__YOUR GOAL__
Give the data again exactly, stopping after the "Context: For a" line.

Stored data entries
----------------------------------------

(* Let $n\ge3$, let $A_n\le S_n$ be the alternating group and $\iota_n:A_n\hookrightarrow S_n$ the inclusion. Then $$|\mathsf{Desc}^1(\mathsf T^l_{\iota_n},(A_n,m_{A_n}))|=\begin{cases}1,& n=3,\\ k,& n\in\{4k,4k+1\}\ (k\ge1),\\ k+1,& n\in\{4k+2,4k+3\}\ (k\ge1).\end{cases}$$ (Equivalently, this is the number of conjugacy classes of complements to $A_n$ in $S_n$, which are the subgroups $\{1,\sigma\}$ with $\sigma$ a product of an odd number of disjoint transpositions.)
   Context: For a subgroup $B$ of a group $A$ with inclusion $\imath$, $\mathcal Z^1(\mathsf T^l_{\imath},(B,m_B))$ is identified with the set of maps $q:A\to B$ satisfying (ZL1) $q(1)=1$; (ZL2) $q(ba)=b\,q(a)$ for $b\in B,a\in A$; (ZL3) $q(aa')=q(a\,q(a'))$ for $a,a'\in A$ (the algebra structures on the left $B$-set $B$ for the monad $A\otimes_B-$ on left $B$-sets), and $\mathsf{Desc}^1(\mathsf T^l_{\imath},(B,m_B))$ is its quotient by $q\sim q'$ iff there is $b_0\in B$ with $q(a)b_0=q'(ab_0)$ for all $a\in A$. *)

From mathcomp Require Import all_boot all_order all_fingroup all_solvable alt.
Set Implicit Arguments. Unset Strict Implicit. Unset Printing Implicit Defensive.
Local Open Scope group_scope.

(* Maps q : A -> B are represented by finite functions gT -> gT that take
   values in B on A and are normalized to 1 outside A (a bijection with the
   set-theoretic maps A -> B). *)
Definition is_map_AB (gT : finGroupType) (A B : {set gT}) (q : {ffun gT -> gT}) :=
  [forall a, if a \in A then q a \in B else q a == 1].

Definition ZL (gT : finGroupType) (A B : {set gT}) (q : {ffun gT -> gT}) : bool :=
  [&& is_map_AB A B q,
      q 1 == 1,
      [forall b in B, forall a in A, q (b * a) == b * q a]
    & [forall a in A, forall a' in A, q (a * a') == q (a * q a')]].

Definition Z1 (gT : finGroupType) (A B : {set gT}) : {set {ffun gT -> gT}} :=
  [set q | ZL A B q].

Definition desc_rel (gT : finGroupType) (A B : {set gT}) (q q' : {ffun gT -> gT}) : bool :=
  [exists b0 in B, forall a in A, q a * b0 == q' (a * b0)].

Definition Desc1 (gT : finGroupType) (A B : {set gT}) : {set {set {ffun gT -> gT}}} :=
  [set [set q' in Z1 A B | desc_rel A B q q'] | q in Z1 A B].

From mathcomp Require Import all_boot all_order all_fingroup all_solvable alt zify.

(* A cocycle [q] is determined by [s := tau * q tau] for a fixed transposition
   [tau]: [q a = a] for even [a] and [q a = a * s] for odd [a], and [s] is an odd
   involution.  Two cocycles are equivalent iff their involutions are conjugate
   by an even permutation; as [s] centralizes itself, this is conjugacy in S_n,
   i.e. equality of the number [2j] of moved points.  Odd involutions are those
   with [j] odd, so the classes are counted by the odd [j] with [2j <= n], of
   which there are [(n + 2) / 4]. *)
Set Implicit Arguments. Unset Strict Implicit. Unset Printing Implicit Defensive.
Local Open Scope group_scope.

Section Involutions.

Variable T : finType.
Implicit Types (s u c : {perm T}) (x y : T).

Definition perm_supp s : {set T} := [set x | s x != x].

Lemma perm_on_supp s : perm_on (perm_supp s) s.
Proof. by apply/subsetP=> x /[!inE]. Qed.

Lemma perm_supp_eq0 s : perm_supp s = set0 -> s = 1.
Proof. by move=> s0; apply: (perm_on_id (perm_on_supp s)); rewrite s0 cards0. Qed.

Lemma perm_suppJ s c : perm_supp (s ^ c) = c @: perm_supp s.
Proof.
apply/setP=> y; rewrite -[y](permKV c) mem_imset; last exact: perm_inj.
by rewrite !inE permJ (inj_eq perm_inj).
Qed.

Lemma card_perm_suppJ s c : #|perm_supp (s ^ c)| = #|perm_supp s|.
Proof. by rewrite perm_suppJ card_imset //; apply: perm_inj. Qed.

Lemma commute_perm_on S c u : perm_on S c -> {in S, forall z, u z = z} -> commute c u.
Proof.
move=> cS uS; apply: perm_onC cS (perm_on_supp u) _.
by rewrite disjoint_subset; apply/subsetP=> z zS; rewrite !inE negbK uS.
Qed.

Lemma commute_tperm u x y : u x = x -> u y = y -> commute (tperm x y) u.
Proof. by move=> ux uy; apply: commute_perm_on (tperm_on x y) _ => z /set2P[]->. Qed.

Lemma perm_supp_tperm_mul u x y : u x = x -> u y = y -> x != y ->
  perm_supp (tperm x y * u) = x |: (y |: perm_supp u).
Proof.
move=> ux uy xy; apply/setP=> z; rewrite !inE permM.
case: tpermP => [->|->|/eqP zx /eqP zy]; first by rewrite uy eqxx eq_sym.
  by rewrite ux eqxx xy orbT.
by rewrite (negPf zx) (negPf zy).
Qed.

Lemma card_perm_supp_tperm_mul u x y : u x = x -> u y = y -> x != y ->
  #|perm_supp (tperm x y * u)| = #|perm_supp u|.+2.
Proof.
move=> ux uy xy; rewrite perm_supp_tperm_mul // !cardsU1 !inE ux uy eqxx.
by rewrite (negPf xy) eqxx.
Qed.

Lemma tperm_mul_invol u x y : u * u = 1 -> u x = x -> u y = y ->
  (tperm x y * u) * (tperm x y * u) = 1.
Proof.
move=> uu ux uy.
by rewrite -mulgA (mulgA u) -(commute_tperm ux uy) !mulgA tperm2 mul1g uu.
Qed.

Lemma invol_tperm_split s x : s * s = 1 -> x \in perm_supp s ->
  exists2 u : {perm T}, u * u = 1 &
    [/\ u x = x, u (s x) = s x & s = tperm x (s x) * u].
Proof.
move=> ss sx; have sK : involutive s by move=> y; rewrite -permM ss perm1.
have ts : commute (tperm x (s x)) s.
  by apply/commgP/conjg_fixP; rewrite tpermJ sK tpermC.
exists (tperm x (s x) * s); last by rewrite !permM tpermL tpermR sK tpermKg.
by rewrite -mulgA (mulgA s) -ts -mulgA ss mulg1 tperm2.
Qed.

Lemma card_perm_supp_invol s : s * s = 1 ->
  exists2 j, #|perm_supp s| = j.*2 & odd_perm s = odd j.
Proof.
have [m] := ubnP #|perm_supp s|; elim: m s => // m IH s lt_s ss.
have [s0|[x sx]] := set_0Vmem (perm_supp s).
  by exists 0; rewrite ?s0 ?cards0 // (perm_supp_eq0 s0) odd_perm1.
have [u uu [ux usx es]] := invol_tperm_split ss sx.
have xsx : x != s x by move: sx; rewrite inE eq_sym.
have card_s : #|perm_supp s| = #|perm_supp u|.+2.
  by rewrite {1}es card_perm_supp_tperm_mul.
have [|j uj oj] := IH u _ uu; first by move: lt_s; rewrite card_s; lia.
by exists j.+1; rewrite ?card_s ?uj // {1}es odd_mul_tperm xsx oj.
Qed.

Lemma perm_on_map2 x y x' y' : x != y -> x' != y' ->
  exists2 c, perm_on [set x; y; x'; y'] c & c x = x' /\ c y = y'.
Proof.
move=> xy x'y'; set y1 := tperm x x' y.
have x'y1 : x' != y1 by rewrite /y1 -{1}(tpermL x x') (inj_eq perm_inj).
exists (tperm x x' * tperm y1 y'); last first.
  by split; rewrite permM -/y1 tpermL // tpermD // eq_sym.
apply: perm_onM; apply: subset_trans (tperm_on _ _) _; apply/subsetP=> z /set2P[]->;
  rewrite ?/y1; try case: tpermP => *; by rewrite !inE eqxx ?orbT.
Qed.

Lemma invol_conj_of_card s s' : s * s = 1 -> s' * s' = 1 ->
  #|perm_supp s| = #|perm_supp s'| -> exists c, s' = s ^ c.
Proof.
have [m] := ubnP #|perm_supp s|; elim: m s s' => // m IH s s' lt_s ss s's' eq_s.
have [s0|[x sx]] := set_0Vmem (perm_supp s).
  have s'0 : perm_supp s' = set0 by apply/cards0_eq; rewrite -eq_s s0 cards0.
  by exists 1; rewrite (perm_supp_eq0 s0) (perm_supp_eq0 s'0) conjg1.
have [x' s'x'] : exists x', x' \in perm_supp s'.
  by apply/set0Pn; rewrite -card_gt0 -eq_s card_gt0; apply/set0Pn; exists x.
have [u uu [ux usx es]] := invol_tperm_split ss sx.
have [u' u'u' [u'x' u's'x' es']] := invol_tperm_split s's' s'x'.
have xsx : x != s x by move: sx; rewrite inE eq_sym.
have x's'x' : x' != s' x' by move: s'x'; rewrite inE eq_sym.
have card_s : #|perm_supp s| = #|perm_supp u|.+2.
  by rewrite {1}es card_perm_supp_tperm_mul.
have card_s' : #|perm_supp s'| = #|perm_supp u'|.+2.
  by rewrite {1}es' card_perm_supp_tperm_mul.
have [||d ud] := IH u u' _ uu u'u'; [by move: lt_s; rewrite card_s; lia | lia |].
have u'd y : u y = y -> u' (d y) = d y by rewrite ud permJ => ->.
(* Conjugating by [d] matches the remainders; [c] then moves the remaining pair
   onto [x'], [s' x'] without disturbing [u'], which fixes all four points. *)
have [|c c_on [cx csx]] := perm_on_map2 (x := d x) (y := d (s x)) _ x's'x'.
  by rewrite (inj_eq perm_inj).
have u'c : u' ^ c = u'.
  apply/conjg_fixP/commgP/esym; apply: commute_perm_on c_on _ => z.
  by rewrite !inE -!orbA => /or4P[]/eqP->; rewrite ?u'd.
exists (d * c).
by rewrite {1}es conjgM (conjMg _ _ d) tpermJ -ud conjMg tpermJ u'c cx csx -es'.
Qed.

Lemma exists_invol_card j : j.*2 <= #|T| ->
  exists2 s, s * s = 1 & #|perm_supp s| = j.*2.
Proof.
elim: j => [|j IH] le_j.
  exists 1; rewrite ?mulg1 //; apply/eqP; rewrite cards_eq0; apply/eqP/setP=> y.
  by rewrite !inE perm1 eqxx.
have [|s ss card_s] := IH; first by move: le_j; rewrite doubleS; lia.
have /card_gt1P[x [y [xs ys xy]]] : 1 < #|~: perm_supp s|.
  by have := cardsC (perm_supp s); move: le_j; rewrite card_s doubleS; lia.
move: xs ys; rewrite !inE !negbK => /eqP sx /eqP sy.
exists (tperm x y * s); first exact: tperm_mul_invol.
by rewrite card_perm_supp_tperm_mul // card_s.
Qed.

Lemma odd_invol_card_supp_mod4 s : s * s = 1 -> odd_perm s -> #|perm_supp s| %% 4 = 2.
Proof.
move=> ss; have [j -> ->] := card_perm_supp_invol ss => odd_j.
by have := odd_double_half j; rewrite odd_j; lia.
Qed.

Lemma exists_odd_invol_card m : m <= #|T| -> m %% 4 = 2 ->
  exists s, [/\ s * s = 1, odd_perm s & #|perm_supp s| = m].
Proof.
move=> le_m m4; have m_even : m = m./2.*2 by have := odd_double_half m; lia.
have [|s ss card_s] := @exists_invol_card m./2; first by rewrite -m_even.
exists s; split; rewrite ?card_s //.
have [j card_j ->] := card_perm_supp_invol ss.
have -> : j = m./2 by move: card_j; rewrite card_s; lia.
by have := odd_double_half m./2; lia.
Qed.

End Involutions.

Lemma card_classes_by_key (X K : finType) (Z : {set X}) (R : rel X) (f : X -> K) :
    {in Z &, forall q q', R q q' = (f q == f q')} ->
  #|[set [set q' in Z | R q q'] | q in Z]| = #|f @: Z|.
Proof.
move=> Rf; have -> : [set [set q' in Z | R q q'] | q in Z] =
    [set [set q' in Z | f q' == k] | k in f @: Z].
  rewrite -imset_comp; apply: eq_in_imset => q qZ; apply/setP=> q'; rewrite !inE.
  by case: (boolP (q' \in Z)) => //= q'Z; rewrite Rf // eq_sym.
rewrite card_in_imset // => _ _ /imsetP[q qZ ->] /imsetP[q' q'Z ->] /setP/(_ q).
by rewrite !inE qZ eqxx => /esym/eqP.
Qed.

Lemma card_mod4_eq2 m : #|[set i : 'I_m.+1 | i %% 4 == 2]| = (m + 2) %/ 4.
Proof.
rewrite -sum1dep_card; transitivity (\sum_(0 <= i < m.+1 | i %% 4 == 2) 1).
  by rewrite big_mkord.
elim: m => [|m IH]; first by rewrite big_mkcond big_nat1.
by rewrite big_mkcond big_nat_recr //= -big_mkcond IH; case: eqP => /= ?; lia.
Qed.

Section SymAltCocycles.

Variable T : finType.
Implicit Types (s a b c : {perm T}) (q : {ffun {perm T} -> {perm T}}).

Let Sym := 'Sym_T.
Let Alt := 'Alt_T.

Lemma mem_Sym a : a \in Sym.
Proof. by rewrite inE. Qed.

Definition cocycle_of s : {ffun {perm T} -> {perm T}} :=
  [ffun a => if odd_perm a then a * s else a].

Lemma cocycle_of_Z1 s : s * s = 1 -> odd_perm s -> cocycle_of s \in Z1 Sym Alt.
Proof.
move=> ss s_odd; rewrite inE; apply/and4P; split.
- apply/forallP=> a; rewrite mem_Sym ffunE Alt_even.
  by case: ifP => a_odd; rewrite ?odd_permM a_odd ?s_odd.
- by rewrite ffunE odd_perm1.
- apply/forall_inP=> b; rewrite Alt_even => b_even; apply/forall_inP=> a _.
  by rewrite !ffunE odd_permM (negPf b_even) /=; case: ifP; rewrite ?mulgA.
apply/forall_inP=> a _; apply/forall_inP=> a' _; rewrite !ffunE.
case: (boolP (odd_perm a')) => // a'_odd; rewrite !odd_permM a'_odd s_odd /=.
by case: (odd_perm a); rewrite /= !mulgA // -(mulgA _ s) ss mulg1.
Qed.

Lemma desc_rel_cocycle_of s s' : odd_perm s ->
  desc_rel Sym Alt (cocycle_of s) (cocycle_of s') = [exists b in Alt, s' == s ^ b].
Proof.
move=> s_odd; apply/exists_inP/exists_inP=> -[b b_Alt sb]; exists b => //;
  move: b_Alt; rewrite Alt_even => /negPf b_even.
  move/forall_inP/(_ s (mem_Sym s))/eqP: sb.
  rewrite !ffunE odd_permM s_odd b_even /= -!mulgA => /mulgI sb.
  by rewrite conjgE sb mulKg.
apply/forall_inP=> a _; rewrite !ffunE odd_permM b_even addbF.
by case: ifP => // _; apply/eqP; rewrite (eqP sb) conjgE -[in RHS]mulgA mulKVg mulgA.
Qed.

Lemma conj_Alt_odd s s' c : odd_perm s -> s' = s ^ c ->
  exists2 b, b \in Alt & s' = s ^ b.
Proof.
move=> s_odd ->; case: (boolP (odd_perm c)) => c_odd.
  (* [s] centralizes itself, so the odd conjugator [c] may be replaced by [s * c]. *)
  exists (s * c); first by rewrite Alt_even odd_permM s_odd c_odd.
  by rewrite conjgM (conjgE s s) mulKg.
by exists c; rewrite ?Alt_even.
Qed.

Lemma desc_rel_cocycle_ofE s s' : s * s = 1 -> s' * s' = 1 -> odd_perm s ->
  desc_rel Sym Alt (cocycle_of s) (cocycle_of s') = (#|perm_supp s| == #|perm_supp s'|).
Proof.
move=> ss s's' s_odd; rewrite desc_rel_cocycle_of //; apply/exists_inP/eqP.
  by case=> b _ /eqP->; rewrite card_perm_suppJ.
move=> /(invol_conj_of_card ss s's')[c /(conj_Alt_odd s_odd)][b b_Alt sb].
by exists b; rewrite ?sb.
Qed.

Section FixedOddInvolution.

Variable tau : {perm T}.
Hypotheses (tau_invol : tau * tau = 1) (tau_odd : odd_perm tau).

Lemma Z1_cocycle_of q : q \in Z1 Sym Alt ->
  exists2 s, s * s = 1 /\ odd_perm s & q = cocycle_of s.
Proof.
rewrite inE => /and4P[/forallP q_Alt /eqP q1 /forall_inP qL /forall_inP qM].
have qL1 b : b \in Alt -> q b = b.
  move=> b_Alt; move/forall_inP/(_ _ (mem_Sym 1))/eqP: (qL b b_Alt).
  by rewrite q1 !mulg1.
have qL_tau a : odd_perm a -> q a = a * (tau * q tau).
  move=> a_odd; have a_tau : a * tau \in Alt.
    by rewrite Alt_even odd_permM a_odd tau_odd.
  move/forall_inP/(_ tau (mem_Sym tau))/eqP: (qL _ a_tau).
  by rewrite -mulgA tau_invol mulg1 mulgA.
have s_odd : odd_perm (tau * q tau).
  by have := q_Alt tau; rewrite mem_Sym Alt_even odd_permM tau_odd => /negPf->.
exists (tau * q tau); last first.
  apply/ffunP=> a; rewrite ffunE; case: ifPn => [/qL_tau // | a_even].
  by apply: qL1; rewrite Alt_even.
split=> //; move/forall_inP/(_ tau (mem_Sym tau))/eqP: (qM tau (mem_Sym tau)).
by rewrite tau_invol q1 (qL_tau _ s_odd).
Qed.

Lemma cocycle_of_tau s : tau * cocycle_of s tau = s.
Proof. by rewrite ffunE tau_odd mulgA tau_invol mul1g. Qed.

End FixedOddInvolution.

End SymAltCocycles.

Lemma card_Desc1_Sym_Alt (T : finType) : 1 < #|T| ->
  #|Desc1 'Sym_T 'Alt_T| = (#|T| + 2) %/ 4.
Proof.
case/card_gt1P=> x [y [_ _ xy]]; set tau := tperm x y.
have tau_invol : tau * tau = 1 := tperm2 x y.
have tau_odd : odd_perm tau by rewrite odd_tperm.
have Z1E := Z1_cocycle_of tau_invol tau_odd.
have supp_lt (s : {perm T}) : #|perm_supp s| < #|T|.+1 by rewrite ltnS max_card.
pose key (q : {ffun {perm T} -> {perm T}}) : 'I_#|T|.+1 :=
  inord #|perm_supp (tau * q tau)|.
have key_of (s : {perm T}) : key (cocycle_of s) = inord #|perm_supp s|.
  by rewrite /key cocycle_of_tau.
rewrite /Desc1 (@card_classes_by_key _ _ _ _ key); last first.
  move=> _ _ /Z1E[s [ss s_odd] ->] /Z1E[s' [s's' _] ->].
  rewrite desc_rel_cocycle_ofE // !key_of; apply/eqP/eqP => [-> // |].
  by move/(congr1 val); rewrite /= !inordK.
rewrite -card_mod4_eq2; apply: eq_card => i; rewrite inE; apply/imsetP/idP.
  case=> q /Z1E[s [ss s_odd] ->] ->.
  by rewrite key_of inordK // odd_invol_card_supp_mod4.
move=> /eqP i_mod.
have [|s [ss s_odd card_s]] := @exists_odd_invol_card T i _ i_mod.
  by rewrite -ltnS.
by exists (cocycle_of s); rewrite ?cocycle_of_Z1 // key_of card_s inord_val.
Qed.

Local Close Scope group_scope.

Theorem mainTheorem18 (n : nat) (hn : 3 <= n) :
  let D := #|Desc1 ('Sym_('I_n))%g ('Alt_('I_n))%g| in
  [/\ n = 3 -> D = 1,
      forall k, 1 <= k -> (n = 4 * k \/ n = 4 * k + 1) -> D = k
    & forall k, 1 <= k -> (n = 4 * k + 2 \/ n = 4 * k + 3) -> D = k + 1].
Proof.
rewrite /= card_Desc1_Sym_Alt card_ord; last by lia.
by split=> [-> | k _ [->|->] | k _ [->|->]]; lia.
Qed.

----------------------------------------

__ANSWER SPACE__
(* Let $n\ge3$, let $A_n\le S_n$ be the alternating group and $\iota_n:A_n\hookrightarrow S_n$ the inclusion. Then $$|\mathsf{Desc}^1(\mathsf T^l_{\iota_n},(A_n,m_{A_n}))|=\begin{cases}1,& n=3,\\ k,& n\in\{4k,4k+1\}\ (k\ge1),\\ k+1,& n\in\{4k+2,4k+3\}\ (k\ge1).\end{cases}$$ (Equivalently, this is the number of conjugacy classes of complements to $A_n$ in $S_n$, which are the subgroups $\{1,\sigma\}$ with $\sigma$ a product of an odd number of disjoint transpositions.)
   Context: For a subgroup $B$ of a group $A$ with inclusion $\imath$, $\mathcal Z^1(\mathsf T^l_{\imath},(B,m_B))$ is identified with the set of maps $q:A\to B$ satisfying (ZL1) $q(1)=1$; (ZL2) $q(ba)=b\,q(a)$ for $b\in B,a\in A$; (ZL3) $q(aa')=q(a\,q(a'))$ for $a,a'\in A$ (the algebra structures on the left $B$-set $B$ for the monad $A\otimes_B-$ on left $B$-sets), and $\mathsf{Desc}^1(\mathsf T^l_{\imath},(B,m_B))$ is its quotient by $q\sim q'$ iff there is $b_0\in B$ with $q(a)b_0=q'(ab_0)$ for all $a\in A$. *)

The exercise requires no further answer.